== Extracted information

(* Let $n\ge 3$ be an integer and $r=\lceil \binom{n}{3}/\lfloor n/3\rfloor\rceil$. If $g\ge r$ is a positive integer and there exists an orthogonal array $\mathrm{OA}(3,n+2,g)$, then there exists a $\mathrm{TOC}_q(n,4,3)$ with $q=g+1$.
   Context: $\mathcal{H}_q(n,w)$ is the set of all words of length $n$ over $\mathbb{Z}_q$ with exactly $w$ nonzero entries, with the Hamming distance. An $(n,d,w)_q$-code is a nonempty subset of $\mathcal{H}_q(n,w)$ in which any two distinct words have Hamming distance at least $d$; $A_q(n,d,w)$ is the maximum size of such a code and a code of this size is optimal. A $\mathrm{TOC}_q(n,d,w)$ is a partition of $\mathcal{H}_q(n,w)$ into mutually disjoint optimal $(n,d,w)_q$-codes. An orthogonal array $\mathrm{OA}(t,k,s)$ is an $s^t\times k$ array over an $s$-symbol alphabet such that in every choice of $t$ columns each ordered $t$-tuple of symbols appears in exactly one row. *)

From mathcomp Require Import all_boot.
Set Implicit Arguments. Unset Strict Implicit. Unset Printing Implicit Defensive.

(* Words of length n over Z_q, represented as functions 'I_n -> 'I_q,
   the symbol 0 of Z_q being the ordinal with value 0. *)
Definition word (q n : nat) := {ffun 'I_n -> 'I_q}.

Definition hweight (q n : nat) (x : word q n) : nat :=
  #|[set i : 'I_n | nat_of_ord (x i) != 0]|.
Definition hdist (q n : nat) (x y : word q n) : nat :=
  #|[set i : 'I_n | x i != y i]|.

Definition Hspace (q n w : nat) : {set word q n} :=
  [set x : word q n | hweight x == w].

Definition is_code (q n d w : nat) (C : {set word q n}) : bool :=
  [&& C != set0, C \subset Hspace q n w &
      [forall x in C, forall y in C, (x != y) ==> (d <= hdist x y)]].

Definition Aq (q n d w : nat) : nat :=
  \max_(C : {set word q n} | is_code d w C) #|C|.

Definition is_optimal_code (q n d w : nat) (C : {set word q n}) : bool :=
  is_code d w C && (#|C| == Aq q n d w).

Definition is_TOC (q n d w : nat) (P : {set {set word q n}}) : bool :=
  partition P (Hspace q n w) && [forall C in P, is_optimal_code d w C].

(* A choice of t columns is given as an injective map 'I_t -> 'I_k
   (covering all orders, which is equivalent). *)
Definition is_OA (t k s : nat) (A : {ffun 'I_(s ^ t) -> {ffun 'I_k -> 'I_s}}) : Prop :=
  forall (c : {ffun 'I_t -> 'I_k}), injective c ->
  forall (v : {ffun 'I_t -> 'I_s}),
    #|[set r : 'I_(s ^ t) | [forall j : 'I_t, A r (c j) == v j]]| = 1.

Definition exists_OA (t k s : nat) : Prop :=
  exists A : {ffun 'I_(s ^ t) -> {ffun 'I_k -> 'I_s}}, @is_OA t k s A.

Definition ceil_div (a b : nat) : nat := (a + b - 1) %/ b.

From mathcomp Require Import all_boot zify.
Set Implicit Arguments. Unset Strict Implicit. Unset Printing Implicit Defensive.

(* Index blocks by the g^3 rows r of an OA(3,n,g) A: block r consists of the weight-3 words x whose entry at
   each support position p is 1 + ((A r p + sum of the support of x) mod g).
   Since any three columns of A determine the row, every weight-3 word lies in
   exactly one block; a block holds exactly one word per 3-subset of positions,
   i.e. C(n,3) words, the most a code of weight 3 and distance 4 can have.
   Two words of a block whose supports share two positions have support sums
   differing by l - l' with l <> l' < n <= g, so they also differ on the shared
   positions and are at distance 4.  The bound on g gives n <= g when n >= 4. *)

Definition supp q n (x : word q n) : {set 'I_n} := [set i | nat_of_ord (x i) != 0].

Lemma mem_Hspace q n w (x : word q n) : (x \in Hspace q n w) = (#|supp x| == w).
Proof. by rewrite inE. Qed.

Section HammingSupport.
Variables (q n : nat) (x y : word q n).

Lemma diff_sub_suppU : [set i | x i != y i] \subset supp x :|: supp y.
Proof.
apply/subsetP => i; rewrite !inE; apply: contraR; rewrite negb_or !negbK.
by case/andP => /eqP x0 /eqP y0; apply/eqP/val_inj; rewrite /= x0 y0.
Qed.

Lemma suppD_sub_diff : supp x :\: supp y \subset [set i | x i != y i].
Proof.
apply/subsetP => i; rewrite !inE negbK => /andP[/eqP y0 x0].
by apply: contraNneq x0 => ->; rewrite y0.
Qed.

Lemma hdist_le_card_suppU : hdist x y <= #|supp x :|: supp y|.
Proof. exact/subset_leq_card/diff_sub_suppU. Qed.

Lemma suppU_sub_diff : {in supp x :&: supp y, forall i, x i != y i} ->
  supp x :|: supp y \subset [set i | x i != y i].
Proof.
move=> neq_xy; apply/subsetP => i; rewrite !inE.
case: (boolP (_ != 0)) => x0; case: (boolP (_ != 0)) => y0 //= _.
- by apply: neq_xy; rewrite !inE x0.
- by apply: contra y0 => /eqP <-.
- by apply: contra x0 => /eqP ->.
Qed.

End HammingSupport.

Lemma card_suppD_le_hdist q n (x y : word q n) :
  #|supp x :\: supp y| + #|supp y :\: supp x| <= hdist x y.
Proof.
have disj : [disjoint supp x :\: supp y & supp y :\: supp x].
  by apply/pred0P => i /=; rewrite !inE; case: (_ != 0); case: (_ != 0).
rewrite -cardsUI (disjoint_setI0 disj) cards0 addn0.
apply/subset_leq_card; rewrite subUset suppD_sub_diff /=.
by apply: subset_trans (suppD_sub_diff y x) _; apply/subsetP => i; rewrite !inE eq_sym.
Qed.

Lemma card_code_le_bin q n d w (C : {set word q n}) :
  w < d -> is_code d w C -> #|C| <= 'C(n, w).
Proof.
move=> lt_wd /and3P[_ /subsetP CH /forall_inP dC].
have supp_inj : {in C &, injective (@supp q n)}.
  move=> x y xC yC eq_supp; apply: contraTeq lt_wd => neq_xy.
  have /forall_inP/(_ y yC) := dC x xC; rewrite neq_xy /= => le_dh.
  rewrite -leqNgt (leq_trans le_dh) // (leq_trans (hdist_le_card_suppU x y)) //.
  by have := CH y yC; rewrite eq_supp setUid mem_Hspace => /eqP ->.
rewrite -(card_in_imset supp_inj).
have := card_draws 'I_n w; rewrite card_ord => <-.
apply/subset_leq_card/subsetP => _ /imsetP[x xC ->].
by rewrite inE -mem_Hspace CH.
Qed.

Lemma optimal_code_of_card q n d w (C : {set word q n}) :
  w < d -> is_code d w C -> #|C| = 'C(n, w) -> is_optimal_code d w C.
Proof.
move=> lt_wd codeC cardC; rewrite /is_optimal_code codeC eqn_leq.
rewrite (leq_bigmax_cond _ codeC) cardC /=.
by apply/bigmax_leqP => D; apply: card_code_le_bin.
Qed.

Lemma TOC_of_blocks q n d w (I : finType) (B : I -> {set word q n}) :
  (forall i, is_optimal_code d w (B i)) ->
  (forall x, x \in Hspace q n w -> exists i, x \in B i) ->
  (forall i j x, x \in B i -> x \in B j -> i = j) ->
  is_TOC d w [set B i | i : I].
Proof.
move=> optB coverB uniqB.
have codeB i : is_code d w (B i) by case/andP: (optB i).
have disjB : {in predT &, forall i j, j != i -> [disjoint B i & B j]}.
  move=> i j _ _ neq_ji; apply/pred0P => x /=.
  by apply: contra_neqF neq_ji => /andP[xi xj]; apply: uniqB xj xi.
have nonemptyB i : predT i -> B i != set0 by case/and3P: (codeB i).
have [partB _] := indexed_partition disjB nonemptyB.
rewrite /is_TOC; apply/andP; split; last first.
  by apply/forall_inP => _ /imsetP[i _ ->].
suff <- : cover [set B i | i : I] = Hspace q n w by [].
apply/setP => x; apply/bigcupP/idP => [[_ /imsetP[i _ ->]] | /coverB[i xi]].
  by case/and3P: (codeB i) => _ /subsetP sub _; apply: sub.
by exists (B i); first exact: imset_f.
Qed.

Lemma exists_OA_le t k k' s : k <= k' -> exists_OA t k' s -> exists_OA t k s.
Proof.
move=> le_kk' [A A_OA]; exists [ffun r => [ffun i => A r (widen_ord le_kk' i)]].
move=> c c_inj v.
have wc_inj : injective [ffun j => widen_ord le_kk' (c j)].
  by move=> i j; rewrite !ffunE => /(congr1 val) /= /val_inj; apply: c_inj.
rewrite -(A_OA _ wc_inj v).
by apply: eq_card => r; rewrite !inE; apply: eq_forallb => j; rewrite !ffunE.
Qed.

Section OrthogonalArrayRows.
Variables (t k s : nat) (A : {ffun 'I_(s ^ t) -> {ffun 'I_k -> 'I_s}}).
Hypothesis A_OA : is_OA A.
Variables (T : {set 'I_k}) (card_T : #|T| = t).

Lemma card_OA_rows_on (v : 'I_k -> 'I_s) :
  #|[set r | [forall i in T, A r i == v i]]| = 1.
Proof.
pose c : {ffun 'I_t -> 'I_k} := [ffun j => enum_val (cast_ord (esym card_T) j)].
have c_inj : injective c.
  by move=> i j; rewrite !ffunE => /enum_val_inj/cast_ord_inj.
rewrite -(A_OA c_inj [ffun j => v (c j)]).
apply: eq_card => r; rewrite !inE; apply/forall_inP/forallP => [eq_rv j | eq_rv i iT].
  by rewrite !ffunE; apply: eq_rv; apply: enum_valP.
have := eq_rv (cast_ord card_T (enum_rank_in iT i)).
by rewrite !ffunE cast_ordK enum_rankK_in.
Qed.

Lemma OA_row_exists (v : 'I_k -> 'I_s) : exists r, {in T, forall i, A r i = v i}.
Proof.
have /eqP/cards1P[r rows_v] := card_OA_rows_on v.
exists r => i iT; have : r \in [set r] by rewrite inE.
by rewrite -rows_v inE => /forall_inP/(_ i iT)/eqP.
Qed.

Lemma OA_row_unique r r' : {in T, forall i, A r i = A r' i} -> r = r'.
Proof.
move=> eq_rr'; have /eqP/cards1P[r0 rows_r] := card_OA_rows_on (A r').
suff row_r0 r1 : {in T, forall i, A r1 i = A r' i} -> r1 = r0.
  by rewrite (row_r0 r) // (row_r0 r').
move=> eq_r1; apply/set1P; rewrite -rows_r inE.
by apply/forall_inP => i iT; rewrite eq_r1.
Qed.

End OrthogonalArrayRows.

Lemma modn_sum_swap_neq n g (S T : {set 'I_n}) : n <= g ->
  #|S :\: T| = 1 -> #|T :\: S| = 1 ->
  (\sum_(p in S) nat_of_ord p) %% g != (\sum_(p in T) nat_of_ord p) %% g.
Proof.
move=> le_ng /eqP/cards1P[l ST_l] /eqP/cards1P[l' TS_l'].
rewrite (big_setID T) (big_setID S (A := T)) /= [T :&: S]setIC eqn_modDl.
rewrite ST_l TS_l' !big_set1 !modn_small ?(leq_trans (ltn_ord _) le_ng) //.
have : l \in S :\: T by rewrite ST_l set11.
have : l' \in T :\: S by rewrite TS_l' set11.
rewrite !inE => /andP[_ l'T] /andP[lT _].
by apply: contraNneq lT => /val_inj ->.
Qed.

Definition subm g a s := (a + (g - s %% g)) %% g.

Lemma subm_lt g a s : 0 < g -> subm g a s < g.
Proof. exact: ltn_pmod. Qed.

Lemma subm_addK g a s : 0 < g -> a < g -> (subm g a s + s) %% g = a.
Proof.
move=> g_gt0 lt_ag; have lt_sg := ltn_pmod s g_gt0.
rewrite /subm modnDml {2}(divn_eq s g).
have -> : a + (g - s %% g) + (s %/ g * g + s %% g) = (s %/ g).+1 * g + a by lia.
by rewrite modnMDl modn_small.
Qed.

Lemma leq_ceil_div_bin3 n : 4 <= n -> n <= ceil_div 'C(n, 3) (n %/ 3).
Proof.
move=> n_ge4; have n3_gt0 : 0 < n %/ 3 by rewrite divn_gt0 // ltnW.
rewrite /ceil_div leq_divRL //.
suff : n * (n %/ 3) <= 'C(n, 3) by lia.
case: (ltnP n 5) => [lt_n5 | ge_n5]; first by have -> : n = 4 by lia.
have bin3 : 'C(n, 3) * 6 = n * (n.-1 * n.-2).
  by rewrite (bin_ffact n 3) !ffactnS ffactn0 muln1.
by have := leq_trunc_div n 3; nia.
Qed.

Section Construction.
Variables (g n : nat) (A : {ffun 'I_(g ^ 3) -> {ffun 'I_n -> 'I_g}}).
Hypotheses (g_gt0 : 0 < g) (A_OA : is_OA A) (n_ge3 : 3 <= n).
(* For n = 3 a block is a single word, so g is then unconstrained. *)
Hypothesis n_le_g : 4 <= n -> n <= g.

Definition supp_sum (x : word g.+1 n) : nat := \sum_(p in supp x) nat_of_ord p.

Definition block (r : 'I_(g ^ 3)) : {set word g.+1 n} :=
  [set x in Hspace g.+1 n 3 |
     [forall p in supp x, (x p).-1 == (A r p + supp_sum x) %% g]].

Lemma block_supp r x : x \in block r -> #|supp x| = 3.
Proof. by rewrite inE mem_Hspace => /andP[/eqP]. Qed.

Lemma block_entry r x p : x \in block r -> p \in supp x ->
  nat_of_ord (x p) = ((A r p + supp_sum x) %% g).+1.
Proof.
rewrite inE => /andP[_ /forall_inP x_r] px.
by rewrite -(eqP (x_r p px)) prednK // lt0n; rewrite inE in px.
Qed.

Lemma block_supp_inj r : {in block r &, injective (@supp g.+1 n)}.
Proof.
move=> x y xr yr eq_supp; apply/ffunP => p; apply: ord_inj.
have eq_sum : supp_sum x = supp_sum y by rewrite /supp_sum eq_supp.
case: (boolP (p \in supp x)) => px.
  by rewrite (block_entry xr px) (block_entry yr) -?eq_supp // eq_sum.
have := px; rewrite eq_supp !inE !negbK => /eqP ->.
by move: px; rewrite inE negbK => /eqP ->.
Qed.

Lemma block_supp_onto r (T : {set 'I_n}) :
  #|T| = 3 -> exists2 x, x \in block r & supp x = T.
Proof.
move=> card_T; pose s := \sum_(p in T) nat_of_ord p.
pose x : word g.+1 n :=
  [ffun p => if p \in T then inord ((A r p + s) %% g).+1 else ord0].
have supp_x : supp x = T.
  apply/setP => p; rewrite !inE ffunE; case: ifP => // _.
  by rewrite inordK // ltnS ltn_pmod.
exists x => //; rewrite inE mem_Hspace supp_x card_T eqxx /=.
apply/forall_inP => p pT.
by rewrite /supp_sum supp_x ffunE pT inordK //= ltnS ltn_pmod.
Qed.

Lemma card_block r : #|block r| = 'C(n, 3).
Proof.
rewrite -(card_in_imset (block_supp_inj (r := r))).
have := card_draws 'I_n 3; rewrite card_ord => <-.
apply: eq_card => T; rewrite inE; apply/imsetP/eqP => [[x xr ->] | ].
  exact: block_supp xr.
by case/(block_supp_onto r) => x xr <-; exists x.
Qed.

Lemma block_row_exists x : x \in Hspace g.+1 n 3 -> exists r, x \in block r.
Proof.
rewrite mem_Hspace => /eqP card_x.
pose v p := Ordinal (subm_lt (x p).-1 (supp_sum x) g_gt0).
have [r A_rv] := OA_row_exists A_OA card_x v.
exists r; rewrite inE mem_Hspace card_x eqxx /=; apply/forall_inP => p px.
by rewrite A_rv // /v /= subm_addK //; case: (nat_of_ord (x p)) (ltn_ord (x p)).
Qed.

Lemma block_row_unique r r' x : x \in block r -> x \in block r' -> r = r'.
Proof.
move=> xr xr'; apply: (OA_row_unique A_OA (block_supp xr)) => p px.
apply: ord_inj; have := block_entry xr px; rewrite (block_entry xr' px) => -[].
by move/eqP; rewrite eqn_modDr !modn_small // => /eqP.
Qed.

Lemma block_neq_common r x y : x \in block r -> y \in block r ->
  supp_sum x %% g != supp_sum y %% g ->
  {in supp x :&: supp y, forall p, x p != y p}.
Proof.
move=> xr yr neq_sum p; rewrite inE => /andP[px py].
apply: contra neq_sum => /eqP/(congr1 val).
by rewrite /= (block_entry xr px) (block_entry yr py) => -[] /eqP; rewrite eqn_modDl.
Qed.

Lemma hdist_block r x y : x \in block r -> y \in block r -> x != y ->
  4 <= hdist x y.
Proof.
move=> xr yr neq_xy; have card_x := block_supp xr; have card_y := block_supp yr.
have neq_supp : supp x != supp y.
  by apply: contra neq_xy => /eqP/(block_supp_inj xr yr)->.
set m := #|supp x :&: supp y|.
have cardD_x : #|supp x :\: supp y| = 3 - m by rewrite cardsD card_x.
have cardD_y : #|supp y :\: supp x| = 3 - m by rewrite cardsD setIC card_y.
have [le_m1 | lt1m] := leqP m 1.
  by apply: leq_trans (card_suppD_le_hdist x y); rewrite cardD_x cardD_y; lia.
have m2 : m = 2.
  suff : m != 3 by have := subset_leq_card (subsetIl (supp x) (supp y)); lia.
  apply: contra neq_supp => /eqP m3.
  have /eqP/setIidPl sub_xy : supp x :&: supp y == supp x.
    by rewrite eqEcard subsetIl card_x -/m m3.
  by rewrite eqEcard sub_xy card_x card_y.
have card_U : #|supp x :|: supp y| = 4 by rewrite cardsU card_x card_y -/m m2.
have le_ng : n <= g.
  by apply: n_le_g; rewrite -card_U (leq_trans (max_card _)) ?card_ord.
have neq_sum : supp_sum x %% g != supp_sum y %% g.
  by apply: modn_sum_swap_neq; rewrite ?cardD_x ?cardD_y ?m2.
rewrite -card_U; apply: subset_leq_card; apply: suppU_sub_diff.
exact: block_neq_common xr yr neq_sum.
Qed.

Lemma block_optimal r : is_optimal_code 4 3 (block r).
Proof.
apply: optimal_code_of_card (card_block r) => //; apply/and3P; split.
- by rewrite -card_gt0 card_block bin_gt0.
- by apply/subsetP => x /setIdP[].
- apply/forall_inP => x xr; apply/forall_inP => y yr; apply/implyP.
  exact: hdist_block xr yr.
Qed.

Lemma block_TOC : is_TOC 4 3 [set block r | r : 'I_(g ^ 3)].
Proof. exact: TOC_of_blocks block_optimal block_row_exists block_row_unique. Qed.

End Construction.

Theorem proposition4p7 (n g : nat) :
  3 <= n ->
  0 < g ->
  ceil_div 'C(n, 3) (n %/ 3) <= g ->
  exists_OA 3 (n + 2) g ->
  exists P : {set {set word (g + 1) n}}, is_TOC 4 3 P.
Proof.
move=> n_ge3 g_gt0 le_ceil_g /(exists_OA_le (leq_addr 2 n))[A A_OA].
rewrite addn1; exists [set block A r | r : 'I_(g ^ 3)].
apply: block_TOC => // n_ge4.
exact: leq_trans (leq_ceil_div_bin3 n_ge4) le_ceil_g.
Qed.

====

◆ Task: If a line in the records above holds the string "which", copy it.

◆ Exercise solution:
   Context: $\mathcal{H}_q(n,w)$ is the set of all words of length $n$ over $\mathbb{Z}_q$ with exactly $w$ nonzero entries, with the Hamming distance. An $(n,d,w)_q$-code is a nonempty subset of $\mathcal{H}_q(n,w)$ in which any two distinct words have Hamming distance at least $d$; $A_q(n,d,w)$ is the maximum size of such a code and a code of this size is optimal. A $\mathrm{TOC}_q(n,d,w)$ is a partition of $\mathcal{H}_q(n,w)$ into mutually disjoint optimal $(n,d,w)_q$-codes. An orthogonal array $\mathrm{OA}(t,k,s)$ is an $s^t\times k$ array over an $s$-symbol alphabet such that in every choice of $t$ columns each ordered $t$-tuple of symbols appears in exactly one row. *)
   (covering all orders, which is equivalent). *)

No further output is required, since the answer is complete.